Dataset entries:
(* Let $p$ be a prime, $\mathcal{O}$ an order in $B_p$, and let $\beta_1,\beta_2$ be linearly independent elements of $\mathcal{O}^T$. Suppose $N(\beta_1)\le p$ and that $\beta_2$ has minimal norm among the elements of $\beta_2+\mathbb{Z}\beta_1$. Then $|\frac12\mathrm{Tr}(\beta_1\overline{\beta_2})|$ equals the least non-negative integer $t$ with $t^2\equiv N(\beta_1)N(\beta_2)\pmod p$.
   Context: $B_p$ is the quaternion algebra over $\mathbb{Q}$ ramified exactly at $p$ and $\infty$, with canonical involution $\overline{x}$, reduced norm $N(x)=x\overline{x}$ and reduced trace $\mathrm{Tr}(x)=x+\overline{x}$. The Gross lattice of an order $\mathcal{O}$ is $\mathcal{O}^T=\{2x-\mathrm{Tr}(x):x\in\mathcal{O}\}$. *)

From HB Require Import structures.
From mathcomp Require Import all_boot all_order all_algebra.
Set Implicit Arguments. Unset Strict Implicit. Unset Printing Implicit Defensive.
Import Order.TTheory GRing.Theory Num.Theory.
Local Open Scope ring_scope.

(* Elements x0 + x1 i + x2 j + x3 k of the quaternion algebra (a,b)_Q,
   i^2 = a, j^2 = b, k = ij = -ji. *)
Record quat := Quat { q0 : rat; q1 : rat; q2 : rat; q3 : rat }.

Definition qzero := Quat 0 0 0 0.
Definition qone := Quat 1 0 0 0.
Definition qadd (x y : quat) :=
  Quat (q0 x + q0 y) (q1 x + q1 y) (q2 x + q2 y) (q3 x + q3 y).
Definition qscale (c : rat) (x : quat) :=
  Quat (c * q0 x) (c * q1 x) (c * q2 x) (c * q3 x).
Definition qsub (x y : quat) := qadd x (qscale (-1) y).
Definition qrat (c : rat) := Quat c 0 0 0.
Definition qconj (x : quat) := Quat (q0 x) (- q1 x) (- q2 x) (- q3 x).

Definition qtrace (x : quat) : rat := q0 (qadd x (qconj x)).

Definition qlincomb (c : 'I_4 -> rat) (e : 'I_4 -> quat) : quat :=
  \big[qadd/qzero]_(i < 4) qscale (c i) (e i).

Definition gross_lattice (O : quat -> Prop) (beta : quat) : Prop :=
  exists x, O x /\ beta = qsub (qscale 2 x) (qrat (qtrace x)).

Section Alg.
Variables (a b : int).
Let A : rat := a%:~R.
Let B : rat := b%:~R.
(* Let $X$ be a real Banach space, $F$ a non-empty closed bounded subset of $X$, and $x\in X$ with $Q_F(x)\neq\emptyset$. The following are equivalent. (1) Every maximizing sequence in $F$ for $x$ converges. (2) $\mathrm{diam}(Q_F(x,\frac1n))\to0$. (3) $Q_F(x)$ is a singleton and $Q_F(x,\frac1n)\xrightarrow{V}Q_F(x)$. (4) $Q_F(x)$ is a singleton and $Q_F(x,\frac1n)\xrightarrow{H}Q_F(x)$. (5) $F$ is SUR at $x$.
   Context: $B_X$ is the closed unit ball. $r(F,x)=\sup_{y\in F}\|x-y\|$, $Q_F(x,\delta)=\{y\in F:\|x-y\|\ge r(F,x)-\delta\}$ for $\delta\ge0$, $Q_F(x)=Q_F(x,0)$. A maximizing sequence in $F$ for $x$ is a sequence $(y_n)$ in $F$ with $\|x-y_n\|\to r(F,x)$. $F$ is SUR at $x$ if $Q_F(x)$ is a singleton and for every $\epsilon>0$ there is $\delta>0$ with $Q_F(x,\delta)\subseteq Q_F(x)+\epsilon B_X$. For closed bounded sets $C_n,C_0$: $C_n\xrightarrow{V}C_0$ means both (a) for every open $U\supseteq C_0$, eventually $C_n\subseteq U$, and (b) for every open $U$ with $C_0\cap U\ne\emptyset$, eventually $C_n\cap U\neq\emptyset$; $C_n\xrightarrow{H}C_0$ means for every $\epsilon>0$, eventually $C_n\subseteq C_0+\epsilon B_X$ and $C_0\subseteq C_n+\epsilon B_X$. *)

From HB Require Import structures.
From mathcomp Require Import all_boot all_order all_algebra.
From mathcomp Require Import all_classical all_reals all_analysis.
Set Implicit Arguments. Unset Strict Implicit. Unset Printing Implicit Defensive.
Import Order.TTheory GRing.Theory Num.Theory.
Import numFieldNormedType.Exports.
Local Open Scope classical_set_scope.
Local Open Scope ring_scope.

Section Defs.
Context {R : realType} {X : normedModType R}.

Definition farthest_rad (F : set X) (x : X) : R :=
  sup [set `|x - y| | y in F].

Definition Qset (F : set X) (x : X) (delta : R) : set X :=
  [set y | F y /\ farthest_rad F x - delta <= `|x - y|].

Definition Q0 (F : set X) (x : X) : set X := Qset F x 0.

Definition maximizing_seq (F : set X) (x : X) (y : nat -> X) : Prop :=
  (forall n, F (y n)) /\ (fun n => `|x - y n|) @ \oo --> farthest_rad F x.

Definition diam (A : set X) : R :=
  sup [set `|a - b| | a in A & b in A].

Definition enlarge (A : set X) (eps : R) : set X :=
  [set z | exists2 a, A a & `|z - a| <= eps].

Definition is_singleton (A : set X) : Prop := exists y, A = [set y].

Definition V_conv (C : nat -> set X) (C0 : set X) : Prop :=
  (forall U : set X, open U -> C0 `<=` U -> \forall n \near \oo, C n `<=` U) /\
  (forall U : set X, open U -> C0 `&` U !=set0 ->
     \forall n \near \oo, C n `&` U !=set0).

Definition H_conv (C : nat -> set X) (C0 : set X) : Prop :=
  forall eps : R, 0 < eps -> \forall n \near \oo,
    C n `<=` enlarge C0 eps /\ C0 `<=` enlarge (C n) eps.

Definition SUR (F : set X) (x : X) : Prop :=
  is_singleton (Q0 F x) /\
  forall eps : R, 0 < eps -> exists2 delta : R, 0 < delta &
    Qset F x delta `<=` enlarge (Q0 F x) eps.

End Defs.

(* (1) => (2): if the diameters of Q_F(x, 1/n) stayed above e > 0, one could
   pick a_n, b_n in Q_F(x, 1/n) with |a_n - b_n| > e.  Both sequences are
   maximizing, hence so is their interleaving a_0, b_0, a_1, b_1, ..., whose
   convergence forces a_n - b_n -> 0.
   (2) => (3), (4): a point q of Q_F(x) lies in every Q_F(x, 1/n), so the
   shrinking diameters make Q_F(x) = {q} the Hausdorff limit; for a singleton
   limit Vietoris and Hausdorff convergence coincide.
   (4) => (5) is immediate, and (5) => (1) because a maximizing sequence
   eventually enters every Q_F(x, d). *)

From HB Require Import structures.
From mathcomp Require Import all_boot all_order all_algebra.
From mathcomp Require Import all_classical all_reals all_analysis.
Set Implicit Arguments. Unset Strict Implicit. Unset Printing Implicit Defensive.
Import Order.TTheory GRing.Theory Num.Theory.
Import numFieldNormedType.Exports.
Local Open Scope classical_set_scope.
Local Open Scope ring_scope.

Section interleave.
Context {T : Type}.

Definition interleave (u v : nat -> T) (m : nat) : T :=
  if odd m then v m./2 else u m./2.

Lemma interleave_double u v n : interleave u v n.*2 = u n.
Proof. by rewrite /interleave odd_double doubleK. Qed.

Lemma interleave_doubleS u v n : interleave u v n.*2.+1 = v n.
Proof. by rewrite /interleave /= odd_double uphalf_double. Qed.

End interleave.

Lemma cvg_interleaveP {T : topologicalType} (u v : nat -> T) (l : T) :
  interleave u v @ \oo --> l <-> u @ \oo --> l /\ v @ \oo --> l.
Proof.
split=> [zl|[ul vl]].
  have interleave_even : interleave u v \o muln 2 = u.
    by apply/funext => n; rewrite /= mul2n interleave_double.
  have interleave_odd : interleave u v \o (S \o muln 2) = v.
    by apply/funext => n; rewrite /= mul2n interleave_doubleS.
  split; first by rewrite -interleave_even; exact: cvg_comp _ _ (@cvg_mulnl 2 isT) zl.
  rewrite -interleave_odd; apply: cvg_comp _ _ _ zl.
  exact: cvg_comp _ _ (@cvg_mulnl 2 isT) (cvg_addnl 1).
have half_oo : half @ \oo --> \oo.
  by rewrite (_ : half = divn^~ 2); [exact: cvg_divnr | apply/funext => m; rewrite divn2].
move=> A lA.
have uA := cvg_comp _ _ half_oo ul _ lA; have vA := cvg_comp _ _ half_oo vl _ lA.
suff : \forall m \near \oo, A (interleave u v m) by [].
near=> m; rewrite /interleave; case: (odd m); near: m; [exact: vA | exact: uA].
Unshelve. all: end_near. Qed.

Section diameter.
Context {R : realType} {X : normedModType R}.

Lemma dist_le_diam (A : set X) (M : R) a b :
  (forall c, A c -> `|c| <= M) -> A a -> A b -> `|a - b| <= diam A.
Proof.
move=> AM Aa Ab; apply: sup_upper_bound; last by exists a => //; exists b.
split; first by exists `|a - b|; exists a => //; exists b.
exists (M + M) => _ [c Ac [d Ad <-]].
by apply: le_trans (ler_normB _ _) _; apply: lerD; apply: AM.
Qed.

Lemma diam_le (A : set X) (e : R) : A !=set0 ->
  (forall a b, A a -> A b -> `|a - b| <= e) -> diam A <= e.
Proof.
move=> [a Aa] Ae; apply: ge_sup; first by exists `|a - a|; exists a => //; exists a.
by move=> _ [b Ab [c Ac <-]]; apply: Ae.
Qed.

Lemma diam_cvg0P (C : nat -> set X) (M : R) :
  (forall n, C n !=set0) -> (forall n c, C n c -> `|c| <= M) ->
  diam (C n) @[n --> \oo] --> 0 <->
  forall e, 0 < e -> \forall n \near \oo,
    forall a b, C n a -> C n b -> `|a - b| <= e.
Proof.
move=> C0 CM; split=> [/cvgrPdist_le dC e e0|Ce].
  apply: filterS (dC e e0) => n; rewrite sub0r normrN => de a b Ca Cb.
  exact: le_trans (dist_le_diam (CM n) Ca Cb) (le_trans (ler_norm _) de).
apply/cvgrPdist_le => e e0; apply: filterS (Ce e e0) => n Cne.
have [c Cc] := C0 n.
have diam_ge0 : 0 <= diam (C n).
  exact: le_trans (normr_ge0 (c - c)) (dist_le_diam (CM n) Cc Cc).
by rewrite sub0r normrN ger0_norm //; apply: diam_le.
Qed.

Lemma diam_cvg0_eq (C : nat -> set X) (M : R) a b :
  (forall n c, C n c -> `|c| <= M) -> (forall n, C n a) -> (forall n, C n b) ->
  diam (C n) @[n --> \oo] --> 0 -> a = b.
Proof.
move=> CM Ca Cb /(diam_cvg0P (fun n => ex_intro _ a (Ca n)) CM) small.
apply/eqP; rewrite -subr_eq0 -normr_le0; apply/ler_addgt0Pr => e e0.
by rewrite add0r; have [N _ /(_ N (leqnn N))] := small e e0; apply.
Qed.

Lemma diam_cvg0_H_conv (C : nat -> set X) (M : R) q :
  (forall n c, C n c -> `|c| <= M) -> (forall n, C n q) ->
  diam (C n) @[n --> \oo] --> 0 -> H_conv C [set q].
Proof.
move=> CM Cq /(diam_cvg0P (fun n => ex_intro _ q (Cq n)) CM) small e e0.
apply: filterS (small e e0) => n Cn_small; split=> [p Cp|_ ->].
  by exists q => //; apply: Cn_small.
by exists q => //; rewrite subrr normr0 ltW.
Qed.

End diameter.

Section singleton_limit.
Context {R : realType} {X : normedModType R}.
Variables (C : nat -> set X) (q : X).

Lemma enlarge_set1E (e : R) : enlarge [set q] e = [set p | `|q - p| <= e].
Proof.
apply/seteqP; split=> [p [_ -> /=]|p qp]; first by rewrite distrC.
by exists q => //; rewrite distrC.
Qed.

Lemma V_conv_singletonE : V_conv C [set q] <-> H_conv C [set q].
Proof.
split=> [[Vup Vlow] e e0|H].
  have qe : [set q] `&` ball q e !=set0 by exists q; split => //; exact: ballxx.
  have qball : [set q] `<=` ball q e by move=> _ ->; exact: ballxx.
  apply: filterS2 (Vup _ (ball_open q e) qball) (Vlow _ (ball_open q e) qe).
  move=> n Cq [a [Ca]]; rewrite -ball_normE /= => /ltW qa.
  rewrite enlarge_set1E; split=> [p /Cq|_ ->]; last by exists a.
  by rewrite -ball_normE /= => /ltW.
have qU U : open U -> U q -> exists2 r : R, 0 < r & [set p | `|q - p| <= r] `<=` U.
  move=> oU Uq; have /nbhs_closedballP[r qrU] : nbhs q U by exact: open_nbhs_nbhs.
  by exists r%:num => // p qp; apply: qrU; rewrite closed_ballE.
split=> [U oU /(_ q erefl) Uq|U oU [_ [-> Uq]]]; have [r r0 qrU] := qU U oU Uq.
  by apply: filterS (H r r0) => n [+ _]; rewrite enlarge_set1E => Cq p /Cq/qrU.
apply: filterS (H r r0) => n [_ /(_ q erefl)[a Ca qa]].
by exists a; split => //; exact: qrU.
Qed.

End singleton_limit.

Section farthest_points.
Context {R : realType} {X : normedModType R}.
Variables (F : set X) (x : X).

Lemma Qset_sub d : Qset F x d `<=` F.
Proof. by move=> y []. Qed.

Lemma subset_Qset d1 d2 : d1 <= d2 -> Qset F x d1 `<=` Qset F x d2.
Proof. by move=> d12 y [Fy le]; split => //; apply: le_trans le; rewrite lerB. Qed.

Lemma Q0_subset_Qset d : 0 <= d -> Q0 F x `<=` Qset F x d.
Proof. exact: subset_Qset. Qed.

Lemma maximizing_seq_near_Qset (y : nat -> X) d : maximizing_seq F x y -> 0 < d ->
  \forall n \near \oo, Qset F x d (y n).
Proof.
move=> [Fy /cvgrPdist_lt /(_ d)] yd d0; apply: filterS (yd d0) => n rd; split => //.
by rewrite lerBlDl -lerBlDr ltW // (le_lt_trans (ler_norm _) rd).
Qed.

Lemma maximizing_seq_interleave (u v : nat -> X) :
  maximizing_seq F x u -> maximizing_seq F x v ->
  maximizing_seq F x (interleave u v).
Proof.
move=> [Fu ur] [Fv vr]; split=> [m|]; first by rewrite /interleave; case: odd.
have -> : (fun m => `|x - interleave u v m|) =
          interleave (fun n => `|x - u n|) (fun n => `|x - v n|).
  by apply/funext => m; rewrite /interleave; case: odd.
exact/cvg_interleaveP.
Qed.

Lemma maximizing_seq_sub_cvg0 (u v : nat -> X) :
  (forall y, maximizing_seq F x y -> cvg (y @ \oo)) ->
  maximizing_seq F x u -> maximizing_seq F x v ->
  (fun n => u n - v n) @ \oo --> 0.
Proof.
move=> cvg_max uM vM.
have /cvg_ex[l /cvg_interleaveP[ul vl]] := cvg_max _ (maximizing_seq_interleave uM vM).
by rewrite -(subrr l); apply: cvgB.
Qed.

Lemma H_conv_Qset_SUR : is_singleton (Q0 F x) ->
  H_conv (fun n => Qset F x (n.+1%:R)^-1) (Q0 F x) -> SUR F x.
Proof.
move=> Q0_single QH; split => // e e0.
by have [N _ /(_ N (leqnn N))[QN _]] := QH e e0; exists (N.+1%:R)^-1.
Qed.

Lemma SUR_maximizing_seq_cvg (y : nat -> X) :
  SUR F x -> maximizing_seq F x y -> cvg (y @ \oo).
Proof.
move=> [[q Q0E] SUR_x] yM; apply: (cvgP q); apply/cvgrPdist_le => e e0.
have [d d0 Qd] := SUR_x e e0.
apply: filterS (maximizing_seq_near_Qset yM d0) => n /Qd[a].
by rewrite Q0E => -> ; rewrite distrC.
Qed.

Variable M : R.
Hypothesis FM : forall y, F y -> `|y| <= M.

Lemma dist_le_farthest_rad y : F y -> `|x - y| <= farthest_rad F x.
Proof.
move=> Fy; apply: sup_upper_bound; last by exists y.
split; first by exists `|x - y|; exists y.
exists (`|x| + M) => _ [z Fz <-].
by apply: le_trans (ler_normB _ _) _; rewrite lerD2l FM.
Qed.

Lemma maximizing_seq_Qset (y : nat -> X) (d : nat -> R) :
  (forall n, Qset F x (d n) (y n)) -> d @ \oo --> 0 -> maximizing_seq F x y.
Proof.
move=> yQ d0; split=> [n|]; first by have [] := yQ n.
apply: (@squeeze_cvgr _ _ _ _ (fun n => farthest_rad F x - d n) (fun=> farthest_rad F x)).
- by apply: nearW => n; have [Fy le] := yQ n; rewrite le dist_le_farthest_rad.
- by rewrite -[X in _ --> X]subr0; apply: cvgB => //; exact: cvg_cst.
- exact: cvg_cst.
Qed.

Lemma maximizing_cvg_diam_Qset_cvg0 q : Q0 F x q ->
  (forall y, maximizing_seq F x y -> cvg (y @ \oo)) ->
  diam (Qset F x (n.+1%:R)^-1) @[n --> \oo] --> 0.
Proof.
move=> Q0q cvg_max.
have Qq n : Qset F x (n.+1%:R)^-1 q by apply: Q0_subset_Qset.
have QM n c : Qset F x (n.+1%:R)^-1 c -> `|c| <= M by move/Qset_sub/FM.
apply/(diam_cvg0P (fun n => ex_intro _ q (Qq n)) QM) => e e0.
apply: contrapT => far.
have far_pair N : exists uv : X * X, [/\ Qset F x (N.+1%:R)^-1 uv.1,
    Qset F x (N.+1%:R)^-1 uv.2 & e < `|uv.1 - uv.2|].
  have /existsNP[n /not_implyP[Nn]] : ~ forall n, (N <= n)%N ->
      forall a b, Qset F x (n.+1%:R)^-1 a -> Qset F x (n.+1%:R)^-1 b -> `|a - b| <= e.
    by move=> small; apply: far; exists N.
  move=> /existsNP[a /existsNP[b /not_implyP[Qa /not_implyP[Qb /negP]]]].
  rewrite -ltNge => ab.
  have QnN : Qset F x (n.+1%:R)^-1 `<=` Qset F x (N.+1%:R)^-1.
    by apply: subset_Qset; rewrite lef_pV2 ?posrE // ler_nat ltnS.
  by exists (a, b); split => //; apply: QnN.
have [uv uvP] := choice far_pair; have [Qu Qv uv_far] := all_and3 uvP.
have uM := maximizing_seq_Qset Qu cvg_harmonic.
have vM := maximizing_seq_Qset Qv cvg_harmonic.
have /cvgrPdist_lt/(_ e e0)[N _ /(_ N (leqnn N))] :=
  maximizing_seq_sub_cvg0 cvg_max uM vM.
by rewrite sub0r normrN => /lt_trans/(_ (uv_far N)); rewrite ltxx.
Qed.

End farthest_points.

Theorem theorem2p6 (R : realType) (X : completeNormedModType R)
  (F : set X) (x : X) :
  F !=set0 -> closed F -> (exists M : R, forall y, F y -> `|y| <= M) ->
  Q0 F x !=set0 ->
  [<-> (forall y : nat -> X, maximizing_seq F x y -> cvg (y @ \oo));
       (fun n : nat => diam (Qset F x (n.+1%:R)^-1)) @ \oo --> (0 : R);
       is_singleton (Q0 F x) /\ V_conv (fun n : nat => Qset F x (n.+1%:R)^-1) (Q0 F x);
       is_singleton (Q0 F x) /\ H_conv (fun n : nat => Qset F x (n.+1%:R)^-1) (Q0 F x);
       SUR F x].
Proof.
move=> _ _ [M FM] [q Q0q].
have Qq n : Qset F x (n.+1%:R)^-1 q by apply: Q0_subset_Qset.
have QM n c : Qset F x (n.+1%:R)^-1 c -> `|c| <= M by move/Qset_sub/FM.
tfae.
- exact: (maximizing_cvg_diam_Qset_cvg0 FM Q0q).
- move=> diam_cvg0.
  have Q0E : Q0 F x = [set q].
    apply/seteqP; split=> [p Q0p|_ ->//]; apply: diam_cvg0_eq QM _ Qq diam_cvg0.
    by move=> n; apply: Q0_subset_Qset.
  rewrite Q0E V_conv_singletonE; split; first by exists q.
  exact: diam_cvg0_H_conv QM Qq diam_cvg0.
- by case=> -[p ->] /V_conv_singletonE; split => //; exists p.
- by case; exact: H_conv_Qset_SUR.
- by move=> SUR_x y; exact: SUR_maximizing_seq_cvg.
Qed.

Exercise details
In the lines above, find the word "Hausdorff" and copy every line it occurs in.

Answer area
   shrinking diameters make Q_F(x) = {q} the Hausdorff limit; for a singleton
   limit Vietoris and Hausdorff convergence coincide.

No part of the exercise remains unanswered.